_Aim of the task_
Among the lines below, tally those that contain "repeatR" and respond with the total only.

_Dataset excerpts_
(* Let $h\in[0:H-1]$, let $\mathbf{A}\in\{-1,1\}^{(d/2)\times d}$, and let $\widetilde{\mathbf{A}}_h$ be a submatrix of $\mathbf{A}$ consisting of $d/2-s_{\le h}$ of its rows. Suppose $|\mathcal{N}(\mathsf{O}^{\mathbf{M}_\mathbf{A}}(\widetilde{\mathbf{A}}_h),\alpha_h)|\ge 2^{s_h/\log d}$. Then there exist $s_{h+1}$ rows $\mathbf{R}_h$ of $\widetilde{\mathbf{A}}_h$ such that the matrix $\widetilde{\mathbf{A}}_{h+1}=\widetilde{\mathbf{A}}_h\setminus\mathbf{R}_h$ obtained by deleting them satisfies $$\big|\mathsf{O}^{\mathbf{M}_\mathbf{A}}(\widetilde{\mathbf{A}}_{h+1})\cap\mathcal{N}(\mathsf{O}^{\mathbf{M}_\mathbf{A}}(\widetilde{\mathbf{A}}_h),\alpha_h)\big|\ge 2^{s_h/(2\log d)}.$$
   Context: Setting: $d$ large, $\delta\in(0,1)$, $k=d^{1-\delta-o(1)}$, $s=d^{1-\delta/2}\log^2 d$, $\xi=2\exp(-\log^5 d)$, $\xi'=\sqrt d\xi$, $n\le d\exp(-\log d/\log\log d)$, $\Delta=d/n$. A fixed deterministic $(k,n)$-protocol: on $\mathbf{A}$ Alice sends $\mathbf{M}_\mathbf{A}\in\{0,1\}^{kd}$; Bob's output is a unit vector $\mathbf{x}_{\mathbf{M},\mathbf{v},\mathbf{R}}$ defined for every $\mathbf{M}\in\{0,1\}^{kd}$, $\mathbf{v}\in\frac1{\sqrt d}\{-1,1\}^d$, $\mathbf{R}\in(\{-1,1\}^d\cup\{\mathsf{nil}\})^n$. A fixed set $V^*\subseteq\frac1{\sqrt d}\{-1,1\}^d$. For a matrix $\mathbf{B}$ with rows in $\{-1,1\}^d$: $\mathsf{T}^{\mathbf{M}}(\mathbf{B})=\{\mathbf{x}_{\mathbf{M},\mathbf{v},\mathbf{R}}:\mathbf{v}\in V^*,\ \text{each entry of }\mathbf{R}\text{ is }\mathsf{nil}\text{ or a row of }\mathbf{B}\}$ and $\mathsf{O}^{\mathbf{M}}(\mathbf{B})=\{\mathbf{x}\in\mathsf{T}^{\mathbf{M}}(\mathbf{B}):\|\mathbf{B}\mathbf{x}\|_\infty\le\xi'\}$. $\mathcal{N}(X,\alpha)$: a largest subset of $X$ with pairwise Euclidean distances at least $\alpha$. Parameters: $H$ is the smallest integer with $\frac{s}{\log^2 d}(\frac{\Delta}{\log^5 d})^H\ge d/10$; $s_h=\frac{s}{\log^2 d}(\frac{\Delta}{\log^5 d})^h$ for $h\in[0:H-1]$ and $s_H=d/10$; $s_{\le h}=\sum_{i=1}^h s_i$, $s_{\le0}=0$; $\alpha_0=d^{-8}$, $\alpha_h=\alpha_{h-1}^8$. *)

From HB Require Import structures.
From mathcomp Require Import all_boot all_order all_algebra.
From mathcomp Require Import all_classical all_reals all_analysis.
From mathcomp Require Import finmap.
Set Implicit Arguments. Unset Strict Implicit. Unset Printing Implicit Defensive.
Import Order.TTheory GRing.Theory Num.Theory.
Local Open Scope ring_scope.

--

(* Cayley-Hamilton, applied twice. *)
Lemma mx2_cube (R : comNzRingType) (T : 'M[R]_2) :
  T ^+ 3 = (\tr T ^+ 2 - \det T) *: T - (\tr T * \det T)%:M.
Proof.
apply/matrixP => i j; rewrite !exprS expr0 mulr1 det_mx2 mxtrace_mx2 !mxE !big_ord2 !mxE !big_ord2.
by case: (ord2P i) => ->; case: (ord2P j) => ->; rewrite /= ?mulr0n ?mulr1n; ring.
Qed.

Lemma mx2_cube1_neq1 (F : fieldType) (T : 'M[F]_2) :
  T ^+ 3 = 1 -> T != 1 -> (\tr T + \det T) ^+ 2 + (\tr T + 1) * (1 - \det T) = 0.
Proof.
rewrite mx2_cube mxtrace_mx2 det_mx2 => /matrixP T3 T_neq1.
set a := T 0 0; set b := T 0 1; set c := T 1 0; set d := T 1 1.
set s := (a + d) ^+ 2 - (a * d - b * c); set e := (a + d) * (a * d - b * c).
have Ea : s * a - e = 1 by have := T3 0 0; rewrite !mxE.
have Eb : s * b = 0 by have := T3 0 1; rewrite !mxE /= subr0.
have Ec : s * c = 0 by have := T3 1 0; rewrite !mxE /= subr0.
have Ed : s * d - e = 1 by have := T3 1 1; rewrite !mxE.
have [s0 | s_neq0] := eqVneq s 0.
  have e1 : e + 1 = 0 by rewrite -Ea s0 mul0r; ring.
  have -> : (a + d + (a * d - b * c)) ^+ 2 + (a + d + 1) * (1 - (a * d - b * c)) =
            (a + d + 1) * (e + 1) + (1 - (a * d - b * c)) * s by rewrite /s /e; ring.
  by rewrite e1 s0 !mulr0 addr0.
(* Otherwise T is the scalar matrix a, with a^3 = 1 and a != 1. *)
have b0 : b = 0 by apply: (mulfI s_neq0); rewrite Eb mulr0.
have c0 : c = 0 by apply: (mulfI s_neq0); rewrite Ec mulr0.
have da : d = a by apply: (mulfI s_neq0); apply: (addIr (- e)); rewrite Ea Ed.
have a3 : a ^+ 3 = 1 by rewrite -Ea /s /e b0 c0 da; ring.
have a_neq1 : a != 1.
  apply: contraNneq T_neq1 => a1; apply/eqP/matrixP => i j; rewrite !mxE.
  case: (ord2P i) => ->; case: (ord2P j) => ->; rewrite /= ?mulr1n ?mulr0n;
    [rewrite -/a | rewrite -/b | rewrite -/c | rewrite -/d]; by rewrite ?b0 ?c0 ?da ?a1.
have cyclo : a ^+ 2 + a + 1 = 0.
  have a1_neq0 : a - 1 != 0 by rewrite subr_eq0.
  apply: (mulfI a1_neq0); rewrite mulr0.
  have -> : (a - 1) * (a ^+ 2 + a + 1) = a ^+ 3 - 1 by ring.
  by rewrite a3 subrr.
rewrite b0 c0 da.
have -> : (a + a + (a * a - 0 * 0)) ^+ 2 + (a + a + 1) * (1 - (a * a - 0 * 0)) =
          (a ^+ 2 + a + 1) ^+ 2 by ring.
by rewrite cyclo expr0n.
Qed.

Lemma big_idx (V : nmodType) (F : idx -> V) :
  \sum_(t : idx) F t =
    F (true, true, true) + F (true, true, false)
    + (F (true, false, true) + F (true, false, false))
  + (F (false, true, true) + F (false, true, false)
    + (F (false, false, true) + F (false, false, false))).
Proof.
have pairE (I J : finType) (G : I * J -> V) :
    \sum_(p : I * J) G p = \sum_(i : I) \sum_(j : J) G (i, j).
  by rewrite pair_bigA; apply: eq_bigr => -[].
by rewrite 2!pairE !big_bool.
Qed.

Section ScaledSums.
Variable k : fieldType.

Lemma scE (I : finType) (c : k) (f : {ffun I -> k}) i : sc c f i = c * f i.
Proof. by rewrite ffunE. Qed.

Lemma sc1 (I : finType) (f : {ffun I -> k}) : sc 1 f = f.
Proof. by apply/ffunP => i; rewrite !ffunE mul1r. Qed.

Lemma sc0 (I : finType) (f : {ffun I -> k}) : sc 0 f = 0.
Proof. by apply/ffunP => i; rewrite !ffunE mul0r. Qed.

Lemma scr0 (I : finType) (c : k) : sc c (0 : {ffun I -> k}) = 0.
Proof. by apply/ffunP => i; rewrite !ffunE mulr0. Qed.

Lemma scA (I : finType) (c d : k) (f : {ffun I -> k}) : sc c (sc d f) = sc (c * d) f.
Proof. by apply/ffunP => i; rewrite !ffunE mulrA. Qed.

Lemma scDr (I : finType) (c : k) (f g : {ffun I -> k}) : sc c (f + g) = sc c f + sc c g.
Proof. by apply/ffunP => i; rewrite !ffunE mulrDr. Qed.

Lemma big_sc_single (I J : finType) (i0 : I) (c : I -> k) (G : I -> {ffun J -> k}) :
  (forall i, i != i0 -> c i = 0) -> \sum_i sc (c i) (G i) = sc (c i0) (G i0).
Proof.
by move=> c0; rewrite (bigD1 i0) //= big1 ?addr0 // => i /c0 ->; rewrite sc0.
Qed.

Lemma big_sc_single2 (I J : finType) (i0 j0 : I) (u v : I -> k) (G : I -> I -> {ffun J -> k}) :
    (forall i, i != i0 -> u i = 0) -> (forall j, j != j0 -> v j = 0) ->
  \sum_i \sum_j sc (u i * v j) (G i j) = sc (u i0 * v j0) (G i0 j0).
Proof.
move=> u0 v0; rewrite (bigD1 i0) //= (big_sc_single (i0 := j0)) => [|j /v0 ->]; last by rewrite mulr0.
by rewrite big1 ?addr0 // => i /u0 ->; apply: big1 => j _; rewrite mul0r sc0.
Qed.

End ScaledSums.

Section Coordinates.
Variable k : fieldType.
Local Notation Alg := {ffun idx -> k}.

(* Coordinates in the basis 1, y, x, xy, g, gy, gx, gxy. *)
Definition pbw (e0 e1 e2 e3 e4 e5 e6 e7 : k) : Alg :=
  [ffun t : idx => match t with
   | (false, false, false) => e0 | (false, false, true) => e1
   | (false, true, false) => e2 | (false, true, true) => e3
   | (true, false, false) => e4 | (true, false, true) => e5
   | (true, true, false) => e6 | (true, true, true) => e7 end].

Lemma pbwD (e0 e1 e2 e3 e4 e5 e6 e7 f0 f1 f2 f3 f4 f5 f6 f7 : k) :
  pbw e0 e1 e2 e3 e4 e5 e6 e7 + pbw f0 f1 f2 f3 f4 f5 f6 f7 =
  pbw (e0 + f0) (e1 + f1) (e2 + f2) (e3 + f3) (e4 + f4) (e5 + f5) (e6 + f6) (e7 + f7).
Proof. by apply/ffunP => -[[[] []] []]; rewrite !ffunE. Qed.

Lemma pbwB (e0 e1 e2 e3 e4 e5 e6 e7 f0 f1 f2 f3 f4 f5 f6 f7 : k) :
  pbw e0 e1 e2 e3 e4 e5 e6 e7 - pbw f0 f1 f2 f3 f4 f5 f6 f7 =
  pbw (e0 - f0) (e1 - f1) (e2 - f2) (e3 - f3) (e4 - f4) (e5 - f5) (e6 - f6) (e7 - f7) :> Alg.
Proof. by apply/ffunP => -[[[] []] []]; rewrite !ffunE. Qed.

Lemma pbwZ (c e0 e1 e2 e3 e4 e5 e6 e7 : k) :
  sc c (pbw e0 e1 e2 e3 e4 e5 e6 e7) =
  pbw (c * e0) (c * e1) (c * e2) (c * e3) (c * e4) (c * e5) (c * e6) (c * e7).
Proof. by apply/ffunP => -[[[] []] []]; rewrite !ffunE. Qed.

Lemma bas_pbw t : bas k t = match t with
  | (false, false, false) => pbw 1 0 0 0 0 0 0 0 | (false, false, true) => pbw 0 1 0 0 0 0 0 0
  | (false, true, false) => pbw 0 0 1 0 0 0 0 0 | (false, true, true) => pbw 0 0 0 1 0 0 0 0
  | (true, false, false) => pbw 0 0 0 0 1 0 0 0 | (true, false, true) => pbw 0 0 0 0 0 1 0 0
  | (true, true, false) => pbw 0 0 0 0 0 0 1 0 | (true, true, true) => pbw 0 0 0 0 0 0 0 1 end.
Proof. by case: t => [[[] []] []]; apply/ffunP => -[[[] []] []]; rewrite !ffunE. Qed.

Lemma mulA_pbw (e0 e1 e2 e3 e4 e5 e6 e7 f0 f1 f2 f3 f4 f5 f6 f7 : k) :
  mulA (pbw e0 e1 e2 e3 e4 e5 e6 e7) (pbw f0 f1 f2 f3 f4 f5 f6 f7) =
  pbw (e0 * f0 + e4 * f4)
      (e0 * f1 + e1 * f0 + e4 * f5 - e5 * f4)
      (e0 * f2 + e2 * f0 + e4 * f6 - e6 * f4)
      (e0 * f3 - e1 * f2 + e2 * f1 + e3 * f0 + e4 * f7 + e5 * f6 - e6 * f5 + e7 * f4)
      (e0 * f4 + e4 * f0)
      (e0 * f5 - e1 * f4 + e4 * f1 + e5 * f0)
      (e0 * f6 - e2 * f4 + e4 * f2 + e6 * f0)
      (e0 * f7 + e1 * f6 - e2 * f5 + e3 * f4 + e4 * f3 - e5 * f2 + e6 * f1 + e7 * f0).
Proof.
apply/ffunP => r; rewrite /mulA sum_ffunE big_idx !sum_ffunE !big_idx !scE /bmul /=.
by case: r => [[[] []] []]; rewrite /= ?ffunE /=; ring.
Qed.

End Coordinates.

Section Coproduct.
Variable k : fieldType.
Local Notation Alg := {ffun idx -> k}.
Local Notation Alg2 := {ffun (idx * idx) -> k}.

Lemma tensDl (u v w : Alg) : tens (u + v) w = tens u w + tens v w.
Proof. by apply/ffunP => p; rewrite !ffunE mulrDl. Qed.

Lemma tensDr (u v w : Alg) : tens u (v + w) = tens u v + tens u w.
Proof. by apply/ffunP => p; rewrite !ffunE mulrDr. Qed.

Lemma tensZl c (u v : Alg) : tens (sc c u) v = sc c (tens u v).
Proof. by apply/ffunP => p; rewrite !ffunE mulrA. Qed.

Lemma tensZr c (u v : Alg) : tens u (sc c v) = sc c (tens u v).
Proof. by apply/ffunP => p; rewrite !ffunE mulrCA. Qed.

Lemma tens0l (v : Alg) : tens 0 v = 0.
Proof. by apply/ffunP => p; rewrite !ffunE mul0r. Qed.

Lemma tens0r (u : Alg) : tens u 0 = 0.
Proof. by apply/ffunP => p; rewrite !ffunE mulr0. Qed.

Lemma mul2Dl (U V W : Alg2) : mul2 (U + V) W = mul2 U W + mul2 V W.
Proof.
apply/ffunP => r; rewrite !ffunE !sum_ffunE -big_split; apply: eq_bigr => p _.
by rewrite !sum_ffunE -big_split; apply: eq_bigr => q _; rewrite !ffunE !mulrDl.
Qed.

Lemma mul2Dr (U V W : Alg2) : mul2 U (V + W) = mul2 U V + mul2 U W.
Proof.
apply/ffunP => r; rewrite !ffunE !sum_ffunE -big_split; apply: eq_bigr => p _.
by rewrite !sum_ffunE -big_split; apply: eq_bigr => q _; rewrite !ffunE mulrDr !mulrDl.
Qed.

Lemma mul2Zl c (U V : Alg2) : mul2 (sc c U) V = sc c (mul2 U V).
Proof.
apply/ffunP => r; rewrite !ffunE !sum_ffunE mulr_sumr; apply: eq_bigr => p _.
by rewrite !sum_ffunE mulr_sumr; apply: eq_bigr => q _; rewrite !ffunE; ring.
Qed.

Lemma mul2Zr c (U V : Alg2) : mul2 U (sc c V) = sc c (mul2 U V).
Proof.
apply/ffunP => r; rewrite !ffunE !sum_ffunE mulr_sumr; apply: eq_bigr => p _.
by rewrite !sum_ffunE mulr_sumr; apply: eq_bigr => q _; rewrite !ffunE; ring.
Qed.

==

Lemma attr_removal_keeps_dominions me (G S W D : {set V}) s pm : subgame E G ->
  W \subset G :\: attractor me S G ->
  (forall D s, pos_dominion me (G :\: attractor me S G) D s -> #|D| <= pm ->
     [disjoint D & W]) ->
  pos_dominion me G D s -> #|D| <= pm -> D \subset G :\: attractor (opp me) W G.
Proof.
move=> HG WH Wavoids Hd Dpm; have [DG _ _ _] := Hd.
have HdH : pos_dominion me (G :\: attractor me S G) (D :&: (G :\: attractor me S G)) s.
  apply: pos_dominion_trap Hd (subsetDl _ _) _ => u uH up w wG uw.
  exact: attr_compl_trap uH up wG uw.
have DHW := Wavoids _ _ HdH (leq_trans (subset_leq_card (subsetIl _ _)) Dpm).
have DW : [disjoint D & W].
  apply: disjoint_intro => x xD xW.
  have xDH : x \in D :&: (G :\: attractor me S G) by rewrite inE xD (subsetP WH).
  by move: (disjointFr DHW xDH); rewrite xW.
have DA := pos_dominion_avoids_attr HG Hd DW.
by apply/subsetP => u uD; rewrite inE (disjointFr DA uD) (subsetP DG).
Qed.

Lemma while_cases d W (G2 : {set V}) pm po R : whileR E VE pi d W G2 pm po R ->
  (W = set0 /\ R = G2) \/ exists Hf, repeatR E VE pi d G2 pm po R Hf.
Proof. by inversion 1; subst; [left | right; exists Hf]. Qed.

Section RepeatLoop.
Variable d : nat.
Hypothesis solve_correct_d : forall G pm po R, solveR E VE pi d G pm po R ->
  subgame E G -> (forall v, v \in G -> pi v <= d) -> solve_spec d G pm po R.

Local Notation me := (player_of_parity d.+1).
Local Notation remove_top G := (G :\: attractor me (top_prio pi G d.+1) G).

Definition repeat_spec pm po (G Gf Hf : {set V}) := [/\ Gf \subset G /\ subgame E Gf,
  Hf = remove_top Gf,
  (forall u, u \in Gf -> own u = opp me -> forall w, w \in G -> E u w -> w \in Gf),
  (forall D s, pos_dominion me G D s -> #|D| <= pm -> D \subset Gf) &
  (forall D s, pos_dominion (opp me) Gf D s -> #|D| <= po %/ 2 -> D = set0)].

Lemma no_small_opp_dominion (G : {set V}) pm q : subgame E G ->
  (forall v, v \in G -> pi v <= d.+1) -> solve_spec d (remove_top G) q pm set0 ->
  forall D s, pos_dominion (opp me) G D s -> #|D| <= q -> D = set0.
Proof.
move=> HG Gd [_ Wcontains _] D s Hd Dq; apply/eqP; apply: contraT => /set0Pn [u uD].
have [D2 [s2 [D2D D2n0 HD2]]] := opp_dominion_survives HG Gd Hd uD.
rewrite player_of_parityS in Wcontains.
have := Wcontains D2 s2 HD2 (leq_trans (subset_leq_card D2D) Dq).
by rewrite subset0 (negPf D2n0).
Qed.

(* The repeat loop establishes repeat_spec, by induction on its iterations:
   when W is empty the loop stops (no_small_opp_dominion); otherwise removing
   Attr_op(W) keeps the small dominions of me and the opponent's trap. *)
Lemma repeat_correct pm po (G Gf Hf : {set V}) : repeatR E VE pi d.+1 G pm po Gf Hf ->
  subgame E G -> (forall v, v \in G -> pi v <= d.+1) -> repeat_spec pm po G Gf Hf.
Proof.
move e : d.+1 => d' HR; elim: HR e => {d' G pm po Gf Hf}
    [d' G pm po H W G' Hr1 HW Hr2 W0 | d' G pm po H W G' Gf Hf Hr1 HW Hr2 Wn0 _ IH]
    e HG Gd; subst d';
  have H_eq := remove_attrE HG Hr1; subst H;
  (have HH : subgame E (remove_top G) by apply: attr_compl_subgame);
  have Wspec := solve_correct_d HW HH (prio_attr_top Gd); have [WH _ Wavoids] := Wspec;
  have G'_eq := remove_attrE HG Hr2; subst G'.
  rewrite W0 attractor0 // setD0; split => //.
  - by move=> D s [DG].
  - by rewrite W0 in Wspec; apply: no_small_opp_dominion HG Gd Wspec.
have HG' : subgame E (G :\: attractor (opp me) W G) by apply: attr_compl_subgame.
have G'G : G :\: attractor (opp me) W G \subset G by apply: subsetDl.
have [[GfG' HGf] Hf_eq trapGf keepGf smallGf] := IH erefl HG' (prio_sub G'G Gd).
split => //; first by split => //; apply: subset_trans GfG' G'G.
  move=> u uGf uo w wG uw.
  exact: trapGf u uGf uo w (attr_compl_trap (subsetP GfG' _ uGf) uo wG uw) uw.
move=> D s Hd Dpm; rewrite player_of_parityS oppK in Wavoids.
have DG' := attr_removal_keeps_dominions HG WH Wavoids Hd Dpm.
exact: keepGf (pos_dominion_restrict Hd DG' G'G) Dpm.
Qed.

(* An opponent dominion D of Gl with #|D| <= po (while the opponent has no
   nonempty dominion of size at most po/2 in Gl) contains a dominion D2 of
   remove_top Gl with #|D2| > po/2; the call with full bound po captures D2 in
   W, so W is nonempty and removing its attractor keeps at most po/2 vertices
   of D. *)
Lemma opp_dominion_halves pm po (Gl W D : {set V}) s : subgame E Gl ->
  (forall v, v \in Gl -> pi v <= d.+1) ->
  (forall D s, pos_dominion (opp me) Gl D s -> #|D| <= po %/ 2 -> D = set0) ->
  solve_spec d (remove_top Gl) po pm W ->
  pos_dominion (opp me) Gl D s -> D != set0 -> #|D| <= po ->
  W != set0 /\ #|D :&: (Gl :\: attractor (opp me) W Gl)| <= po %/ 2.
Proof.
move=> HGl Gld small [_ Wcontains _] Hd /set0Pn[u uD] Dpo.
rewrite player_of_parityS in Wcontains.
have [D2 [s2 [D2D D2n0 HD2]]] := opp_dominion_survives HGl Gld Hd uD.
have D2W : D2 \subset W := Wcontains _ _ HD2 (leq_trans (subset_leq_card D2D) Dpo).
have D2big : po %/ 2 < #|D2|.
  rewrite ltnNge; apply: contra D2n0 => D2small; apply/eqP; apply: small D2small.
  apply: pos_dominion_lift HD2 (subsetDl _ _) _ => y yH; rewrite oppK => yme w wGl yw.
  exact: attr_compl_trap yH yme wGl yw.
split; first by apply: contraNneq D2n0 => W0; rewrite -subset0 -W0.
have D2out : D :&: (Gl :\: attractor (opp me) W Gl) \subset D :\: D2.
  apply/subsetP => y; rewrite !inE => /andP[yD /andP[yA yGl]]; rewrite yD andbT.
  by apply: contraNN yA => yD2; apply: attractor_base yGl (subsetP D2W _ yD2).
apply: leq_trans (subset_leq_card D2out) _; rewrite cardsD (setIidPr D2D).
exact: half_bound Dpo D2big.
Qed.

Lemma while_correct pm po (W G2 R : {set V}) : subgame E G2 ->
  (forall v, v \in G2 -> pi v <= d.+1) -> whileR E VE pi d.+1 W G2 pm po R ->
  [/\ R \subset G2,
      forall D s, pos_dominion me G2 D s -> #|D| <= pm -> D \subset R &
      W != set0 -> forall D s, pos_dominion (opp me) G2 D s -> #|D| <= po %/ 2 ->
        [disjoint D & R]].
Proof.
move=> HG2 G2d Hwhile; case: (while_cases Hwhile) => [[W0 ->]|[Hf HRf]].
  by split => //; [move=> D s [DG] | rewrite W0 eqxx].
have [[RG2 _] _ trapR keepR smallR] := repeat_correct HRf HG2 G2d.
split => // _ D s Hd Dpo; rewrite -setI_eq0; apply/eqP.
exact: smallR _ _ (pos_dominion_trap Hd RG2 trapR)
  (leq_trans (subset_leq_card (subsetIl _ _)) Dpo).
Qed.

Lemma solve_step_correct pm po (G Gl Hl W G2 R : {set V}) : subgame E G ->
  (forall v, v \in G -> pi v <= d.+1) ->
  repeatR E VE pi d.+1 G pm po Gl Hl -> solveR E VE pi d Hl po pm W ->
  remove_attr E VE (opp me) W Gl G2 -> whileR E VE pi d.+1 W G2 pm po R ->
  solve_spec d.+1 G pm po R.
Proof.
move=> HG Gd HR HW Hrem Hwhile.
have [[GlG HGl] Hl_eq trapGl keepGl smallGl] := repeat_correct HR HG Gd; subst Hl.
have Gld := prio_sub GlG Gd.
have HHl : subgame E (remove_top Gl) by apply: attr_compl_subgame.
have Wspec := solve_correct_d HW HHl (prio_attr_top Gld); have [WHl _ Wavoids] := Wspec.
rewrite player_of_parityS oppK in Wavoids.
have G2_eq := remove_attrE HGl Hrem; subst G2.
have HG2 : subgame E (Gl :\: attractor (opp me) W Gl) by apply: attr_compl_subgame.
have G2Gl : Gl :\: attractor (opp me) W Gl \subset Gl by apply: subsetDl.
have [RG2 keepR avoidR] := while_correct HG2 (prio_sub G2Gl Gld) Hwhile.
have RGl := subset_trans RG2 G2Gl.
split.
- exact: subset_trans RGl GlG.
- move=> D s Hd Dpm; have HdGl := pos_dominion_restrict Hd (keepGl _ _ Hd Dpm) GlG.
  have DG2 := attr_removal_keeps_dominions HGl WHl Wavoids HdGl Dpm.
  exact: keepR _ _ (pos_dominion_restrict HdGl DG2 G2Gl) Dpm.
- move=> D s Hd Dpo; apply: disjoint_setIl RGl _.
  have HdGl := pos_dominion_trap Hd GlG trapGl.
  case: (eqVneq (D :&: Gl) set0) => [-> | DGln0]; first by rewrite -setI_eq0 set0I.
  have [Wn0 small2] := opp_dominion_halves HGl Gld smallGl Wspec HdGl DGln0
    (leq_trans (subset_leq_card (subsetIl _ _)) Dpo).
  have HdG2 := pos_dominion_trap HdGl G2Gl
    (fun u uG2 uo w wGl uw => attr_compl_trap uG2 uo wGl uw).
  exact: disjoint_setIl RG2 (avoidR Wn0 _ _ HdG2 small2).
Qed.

_Answer box_
3